> [Activity] Please tally how many lines in the entries below include the word "lerDl", giving only the number.
**********
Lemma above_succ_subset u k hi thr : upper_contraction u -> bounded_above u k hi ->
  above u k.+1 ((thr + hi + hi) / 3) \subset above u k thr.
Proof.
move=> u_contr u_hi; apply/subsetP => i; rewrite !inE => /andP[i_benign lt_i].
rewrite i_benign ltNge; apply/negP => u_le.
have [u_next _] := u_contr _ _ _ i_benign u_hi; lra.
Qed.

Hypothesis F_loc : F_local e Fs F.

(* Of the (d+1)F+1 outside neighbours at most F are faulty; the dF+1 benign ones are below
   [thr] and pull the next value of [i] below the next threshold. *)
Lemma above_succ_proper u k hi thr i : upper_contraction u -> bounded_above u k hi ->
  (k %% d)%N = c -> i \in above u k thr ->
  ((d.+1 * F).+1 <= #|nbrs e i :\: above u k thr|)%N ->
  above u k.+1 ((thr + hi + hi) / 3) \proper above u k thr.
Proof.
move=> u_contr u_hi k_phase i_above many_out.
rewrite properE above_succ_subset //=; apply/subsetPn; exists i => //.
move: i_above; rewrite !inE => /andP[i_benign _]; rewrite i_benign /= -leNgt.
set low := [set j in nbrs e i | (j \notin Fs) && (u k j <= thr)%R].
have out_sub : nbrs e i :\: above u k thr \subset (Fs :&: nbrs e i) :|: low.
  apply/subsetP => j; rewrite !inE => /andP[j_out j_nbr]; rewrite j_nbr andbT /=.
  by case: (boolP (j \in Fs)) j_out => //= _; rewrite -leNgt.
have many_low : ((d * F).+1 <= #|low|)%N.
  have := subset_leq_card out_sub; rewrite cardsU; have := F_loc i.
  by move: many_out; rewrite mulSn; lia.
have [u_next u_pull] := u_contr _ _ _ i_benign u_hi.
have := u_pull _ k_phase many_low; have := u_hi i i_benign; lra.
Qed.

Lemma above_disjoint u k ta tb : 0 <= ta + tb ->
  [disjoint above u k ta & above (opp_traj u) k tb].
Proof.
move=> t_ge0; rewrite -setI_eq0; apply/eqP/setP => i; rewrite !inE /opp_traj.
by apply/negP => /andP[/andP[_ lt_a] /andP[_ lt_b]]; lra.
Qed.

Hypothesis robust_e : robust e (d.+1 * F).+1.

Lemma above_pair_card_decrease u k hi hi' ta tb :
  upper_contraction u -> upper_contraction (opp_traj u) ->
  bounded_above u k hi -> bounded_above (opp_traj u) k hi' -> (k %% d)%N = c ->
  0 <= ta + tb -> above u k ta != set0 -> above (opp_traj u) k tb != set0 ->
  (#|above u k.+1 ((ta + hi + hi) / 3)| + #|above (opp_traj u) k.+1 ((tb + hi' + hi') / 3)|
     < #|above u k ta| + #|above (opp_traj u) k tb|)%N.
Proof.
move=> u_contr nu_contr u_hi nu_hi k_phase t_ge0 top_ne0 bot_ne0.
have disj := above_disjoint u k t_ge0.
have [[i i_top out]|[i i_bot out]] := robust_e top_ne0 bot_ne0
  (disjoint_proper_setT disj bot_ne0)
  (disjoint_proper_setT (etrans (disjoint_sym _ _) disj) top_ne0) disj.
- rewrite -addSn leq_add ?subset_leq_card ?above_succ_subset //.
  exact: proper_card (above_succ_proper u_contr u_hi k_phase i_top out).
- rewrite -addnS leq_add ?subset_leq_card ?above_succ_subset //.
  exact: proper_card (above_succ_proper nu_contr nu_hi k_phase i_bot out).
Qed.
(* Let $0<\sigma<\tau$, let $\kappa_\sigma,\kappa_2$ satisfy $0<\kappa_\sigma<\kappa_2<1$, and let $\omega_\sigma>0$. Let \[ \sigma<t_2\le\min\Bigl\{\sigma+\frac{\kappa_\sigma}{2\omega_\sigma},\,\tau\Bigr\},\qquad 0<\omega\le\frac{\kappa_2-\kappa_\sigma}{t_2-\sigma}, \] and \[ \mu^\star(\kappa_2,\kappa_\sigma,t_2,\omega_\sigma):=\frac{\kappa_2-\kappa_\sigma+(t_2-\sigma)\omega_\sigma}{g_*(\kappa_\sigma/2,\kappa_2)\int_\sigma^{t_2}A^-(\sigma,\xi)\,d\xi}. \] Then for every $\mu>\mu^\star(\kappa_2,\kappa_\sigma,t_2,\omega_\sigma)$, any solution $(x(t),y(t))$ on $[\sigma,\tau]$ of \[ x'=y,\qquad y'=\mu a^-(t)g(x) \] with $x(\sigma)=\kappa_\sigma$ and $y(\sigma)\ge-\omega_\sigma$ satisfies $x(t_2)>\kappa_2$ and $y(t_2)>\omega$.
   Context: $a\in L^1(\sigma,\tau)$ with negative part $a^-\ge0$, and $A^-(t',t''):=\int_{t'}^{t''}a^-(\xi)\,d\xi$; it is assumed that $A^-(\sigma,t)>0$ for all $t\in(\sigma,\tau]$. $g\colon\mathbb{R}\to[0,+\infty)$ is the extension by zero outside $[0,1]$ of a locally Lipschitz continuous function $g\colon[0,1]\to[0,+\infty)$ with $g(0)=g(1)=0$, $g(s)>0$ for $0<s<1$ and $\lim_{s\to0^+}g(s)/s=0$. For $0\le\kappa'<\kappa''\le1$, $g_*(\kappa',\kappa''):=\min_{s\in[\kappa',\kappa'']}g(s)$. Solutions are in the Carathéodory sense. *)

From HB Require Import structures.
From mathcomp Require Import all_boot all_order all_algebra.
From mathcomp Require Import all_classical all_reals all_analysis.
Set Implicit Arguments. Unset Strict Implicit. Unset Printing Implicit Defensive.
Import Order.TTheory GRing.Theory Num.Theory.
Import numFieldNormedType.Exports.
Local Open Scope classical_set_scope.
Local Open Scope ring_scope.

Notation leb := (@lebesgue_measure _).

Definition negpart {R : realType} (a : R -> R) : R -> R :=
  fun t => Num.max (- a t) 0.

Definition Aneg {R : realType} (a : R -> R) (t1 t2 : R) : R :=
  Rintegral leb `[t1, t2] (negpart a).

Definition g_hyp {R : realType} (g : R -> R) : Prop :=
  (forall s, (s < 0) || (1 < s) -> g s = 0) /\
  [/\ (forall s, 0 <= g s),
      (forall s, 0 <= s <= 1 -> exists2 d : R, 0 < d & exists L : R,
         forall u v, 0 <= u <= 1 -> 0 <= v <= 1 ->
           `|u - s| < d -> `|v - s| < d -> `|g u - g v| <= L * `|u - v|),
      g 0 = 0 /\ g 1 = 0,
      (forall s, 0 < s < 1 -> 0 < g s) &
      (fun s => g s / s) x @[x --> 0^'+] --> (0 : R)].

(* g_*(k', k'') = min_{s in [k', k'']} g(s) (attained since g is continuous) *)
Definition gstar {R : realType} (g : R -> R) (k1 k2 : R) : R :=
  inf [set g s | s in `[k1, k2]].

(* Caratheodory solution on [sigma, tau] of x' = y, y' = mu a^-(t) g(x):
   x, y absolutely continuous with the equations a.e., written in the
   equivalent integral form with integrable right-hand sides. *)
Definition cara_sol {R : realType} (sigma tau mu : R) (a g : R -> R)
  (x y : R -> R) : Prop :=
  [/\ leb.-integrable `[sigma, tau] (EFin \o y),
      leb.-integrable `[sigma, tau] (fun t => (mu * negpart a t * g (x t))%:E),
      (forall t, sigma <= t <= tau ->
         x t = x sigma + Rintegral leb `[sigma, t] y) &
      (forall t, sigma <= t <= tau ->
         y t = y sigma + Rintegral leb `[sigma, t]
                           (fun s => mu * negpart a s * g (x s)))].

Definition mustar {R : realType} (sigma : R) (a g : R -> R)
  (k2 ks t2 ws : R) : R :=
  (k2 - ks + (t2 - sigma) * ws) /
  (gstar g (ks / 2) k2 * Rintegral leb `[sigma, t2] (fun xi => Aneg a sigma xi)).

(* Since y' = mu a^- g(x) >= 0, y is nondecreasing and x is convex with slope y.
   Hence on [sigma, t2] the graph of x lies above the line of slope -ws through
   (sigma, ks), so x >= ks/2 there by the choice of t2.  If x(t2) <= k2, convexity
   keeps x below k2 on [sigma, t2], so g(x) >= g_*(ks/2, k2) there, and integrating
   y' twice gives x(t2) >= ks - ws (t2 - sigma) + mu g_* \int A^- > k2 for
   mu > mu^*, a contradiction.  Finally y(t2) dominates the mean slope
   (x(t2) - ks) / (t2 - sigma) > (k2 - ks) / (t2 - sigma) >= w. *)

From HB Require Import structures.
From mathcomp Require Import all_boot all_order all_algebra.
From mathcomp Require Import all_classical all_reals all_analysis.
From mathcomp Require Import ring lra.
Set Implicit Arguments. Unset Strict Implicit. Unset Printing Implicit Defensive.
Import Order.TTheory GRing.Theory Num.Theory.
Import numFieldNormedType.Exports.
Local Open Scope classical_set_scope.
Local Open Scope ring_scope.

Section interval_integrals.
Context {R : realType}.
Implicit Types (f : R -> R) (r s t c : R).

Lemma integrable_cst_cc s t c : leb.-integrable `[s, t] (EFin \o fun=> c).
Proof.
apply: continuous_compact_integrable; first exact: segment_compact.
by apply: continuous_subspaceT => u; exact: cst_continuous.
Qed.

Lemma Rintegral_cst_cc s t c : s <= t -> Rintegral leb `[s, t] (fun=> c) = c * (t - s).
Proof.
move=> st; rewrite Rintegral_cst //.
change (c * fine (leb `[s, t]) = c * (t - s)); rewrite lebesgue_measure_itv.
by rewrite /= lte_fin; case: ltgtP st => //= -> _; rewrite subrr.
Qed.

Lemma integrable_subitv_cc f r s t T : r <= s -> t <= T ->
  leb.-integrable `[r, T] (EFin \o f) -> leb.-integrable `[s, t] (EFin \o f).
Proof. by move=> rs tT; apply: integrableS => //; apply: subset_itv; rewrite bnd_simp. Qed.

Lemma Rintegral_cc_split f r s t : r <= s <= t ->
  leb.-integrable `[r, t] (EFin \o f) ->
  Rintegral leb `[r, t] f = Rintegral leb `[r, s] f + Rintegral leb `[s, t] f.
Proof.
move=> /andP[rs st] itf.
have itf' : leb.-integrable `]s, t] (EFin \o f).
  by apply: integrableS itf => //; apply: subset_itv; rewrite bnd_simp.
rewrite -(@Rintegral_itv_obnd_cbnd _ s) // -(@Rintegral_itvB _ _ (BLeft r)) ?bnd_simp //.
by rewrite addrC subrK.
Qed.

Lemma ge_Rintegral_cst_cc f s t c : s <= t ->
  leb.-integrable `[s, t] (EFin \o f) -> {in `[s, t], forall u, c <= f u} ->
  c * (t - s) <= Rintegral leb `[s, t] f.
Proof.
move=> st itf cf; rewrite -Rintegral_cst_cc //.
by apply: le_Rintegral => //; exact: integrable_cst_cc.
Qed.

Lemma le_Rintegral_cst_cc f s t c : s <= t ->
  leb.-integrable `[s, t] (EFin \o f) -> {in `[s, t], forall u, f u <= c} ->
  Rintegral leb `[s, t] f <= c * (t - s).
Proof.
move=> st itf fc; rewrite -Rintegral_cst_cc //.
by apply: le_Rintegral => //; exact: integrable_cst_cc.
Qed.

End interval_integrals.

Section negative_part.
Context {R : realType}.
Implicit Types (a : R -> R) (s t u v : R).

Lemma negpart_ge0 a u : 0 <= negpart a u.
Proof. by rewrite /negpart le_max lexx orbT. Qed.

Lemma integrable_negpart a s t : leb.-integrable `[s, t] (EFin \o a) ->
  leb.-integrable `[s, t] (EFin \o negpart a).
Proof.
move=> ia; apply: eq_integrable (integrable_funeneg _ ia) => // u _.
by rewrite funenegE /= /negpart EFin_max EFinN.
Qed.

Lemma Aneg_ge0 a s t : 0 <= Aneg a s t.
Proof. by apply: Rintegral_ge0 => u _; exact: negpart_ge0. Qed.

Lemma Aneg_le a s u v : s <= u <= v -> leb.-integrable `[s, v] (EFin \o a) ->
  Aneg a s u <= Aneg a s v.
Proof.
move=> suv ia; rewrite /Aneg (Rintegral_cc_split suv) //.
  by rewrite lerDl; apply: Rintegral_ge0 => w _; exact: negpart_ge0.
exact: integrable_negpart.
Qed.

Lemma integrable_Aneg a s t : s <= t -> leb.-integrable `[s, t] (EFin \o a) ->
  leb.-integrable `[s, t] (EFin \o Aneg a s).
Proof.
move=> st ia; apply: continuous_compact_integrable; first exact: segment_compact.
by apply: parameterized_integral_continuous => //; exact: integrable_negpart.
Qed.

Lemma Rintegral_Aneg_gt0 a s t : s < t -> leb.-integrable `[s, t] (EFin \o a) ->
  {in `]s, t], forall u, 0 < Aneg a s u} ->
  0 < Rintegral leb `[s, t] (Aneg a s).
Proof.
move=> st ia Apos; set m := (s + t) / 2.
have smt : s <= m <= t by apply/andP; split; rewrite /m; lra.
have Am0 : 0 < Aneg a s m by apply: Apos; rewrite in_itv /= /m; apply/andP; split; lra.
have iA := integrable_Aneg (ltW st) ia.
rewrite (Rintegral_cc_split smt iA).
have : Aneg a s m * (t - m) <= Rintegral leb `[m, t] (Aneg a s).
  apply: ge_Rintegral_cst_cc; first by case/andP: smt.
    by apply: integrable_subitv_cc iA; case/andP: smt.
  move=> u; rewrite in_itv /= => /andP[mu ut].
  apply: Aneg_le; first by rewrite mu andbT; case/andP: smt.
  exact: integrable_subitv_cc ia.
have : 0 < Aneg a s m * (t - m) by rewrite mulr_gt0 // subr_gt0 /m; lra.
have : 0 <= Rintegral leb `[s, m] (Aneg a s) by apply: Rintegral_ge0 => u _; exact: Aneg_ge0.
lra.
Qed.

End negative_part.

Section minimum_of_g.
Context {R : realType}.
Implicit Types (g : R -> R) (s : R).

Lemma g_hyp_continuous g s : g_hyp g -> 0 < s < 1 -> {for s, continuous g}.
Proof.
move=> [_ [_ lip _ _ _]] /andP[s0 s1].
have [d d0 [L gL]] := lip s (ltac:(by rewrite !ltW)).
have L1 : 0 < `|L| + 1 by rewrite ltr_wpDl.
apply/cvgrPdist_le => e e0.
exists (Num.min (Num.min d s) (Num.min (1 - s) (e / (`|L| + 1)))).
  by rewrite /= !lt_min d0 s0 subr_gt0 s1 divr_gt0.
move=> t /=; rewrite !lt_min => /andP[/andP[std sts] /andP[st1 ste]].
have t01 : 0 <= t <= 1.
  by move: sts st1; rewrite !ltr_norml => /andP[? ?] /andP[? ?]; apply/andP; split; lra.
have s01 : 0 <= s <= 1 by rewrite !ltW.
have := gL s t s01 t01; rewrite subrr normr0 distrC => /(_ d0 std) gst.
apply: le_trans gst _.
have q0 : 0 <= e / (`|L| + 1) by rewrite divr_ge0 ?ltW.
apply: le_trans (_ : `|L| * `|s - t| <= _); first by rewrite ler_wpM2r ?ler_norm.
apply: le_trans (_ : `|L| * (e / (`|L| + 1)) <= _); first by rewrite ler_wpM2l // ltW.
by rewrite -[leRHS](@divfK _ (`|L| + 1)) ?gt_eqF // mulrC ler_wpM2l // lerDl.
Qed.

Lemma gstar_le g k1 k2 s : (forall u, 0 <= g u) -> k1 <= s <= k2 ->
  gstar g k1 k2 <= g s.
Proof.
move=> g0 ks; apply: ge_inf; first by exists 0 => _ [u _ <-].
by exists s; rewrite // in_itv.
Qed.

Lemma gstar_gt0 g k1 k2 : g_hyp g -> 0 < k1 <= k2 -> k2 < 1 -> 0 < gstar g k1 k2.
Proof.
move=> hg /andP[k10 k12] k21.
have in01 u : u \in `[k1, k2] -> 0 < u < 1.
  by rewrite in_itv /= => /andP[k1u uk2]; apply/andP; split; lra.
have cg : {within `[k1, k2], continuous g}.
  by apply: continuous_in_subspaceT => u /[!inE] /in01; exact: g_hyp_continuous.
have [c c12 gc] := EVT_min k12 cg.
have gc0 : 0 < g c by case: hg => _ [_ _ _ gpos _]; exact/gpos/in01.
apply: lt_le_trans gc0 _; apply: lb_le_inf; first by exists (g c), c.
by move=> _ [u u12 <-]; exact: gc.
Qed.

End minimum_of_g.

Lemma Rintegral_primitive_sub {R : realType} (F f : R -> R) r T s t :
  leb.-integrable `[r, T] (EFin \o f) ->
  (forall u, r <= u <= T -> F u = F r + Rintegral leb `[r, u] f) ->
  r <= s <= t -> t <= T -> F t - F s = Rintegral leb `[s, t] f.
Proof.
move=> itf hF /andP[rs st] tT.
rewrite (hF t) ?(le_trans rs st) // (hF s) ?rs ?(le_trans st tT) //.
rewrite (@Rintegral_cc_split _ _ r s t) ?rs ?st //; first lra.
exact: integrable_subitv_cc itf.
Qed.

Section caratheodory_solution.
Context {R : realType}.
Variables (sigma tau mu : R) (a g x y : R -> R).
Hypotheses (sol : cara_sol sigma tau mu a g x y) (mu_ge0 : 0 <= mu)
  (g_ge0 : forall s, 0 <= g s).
**********
> [Task result] 2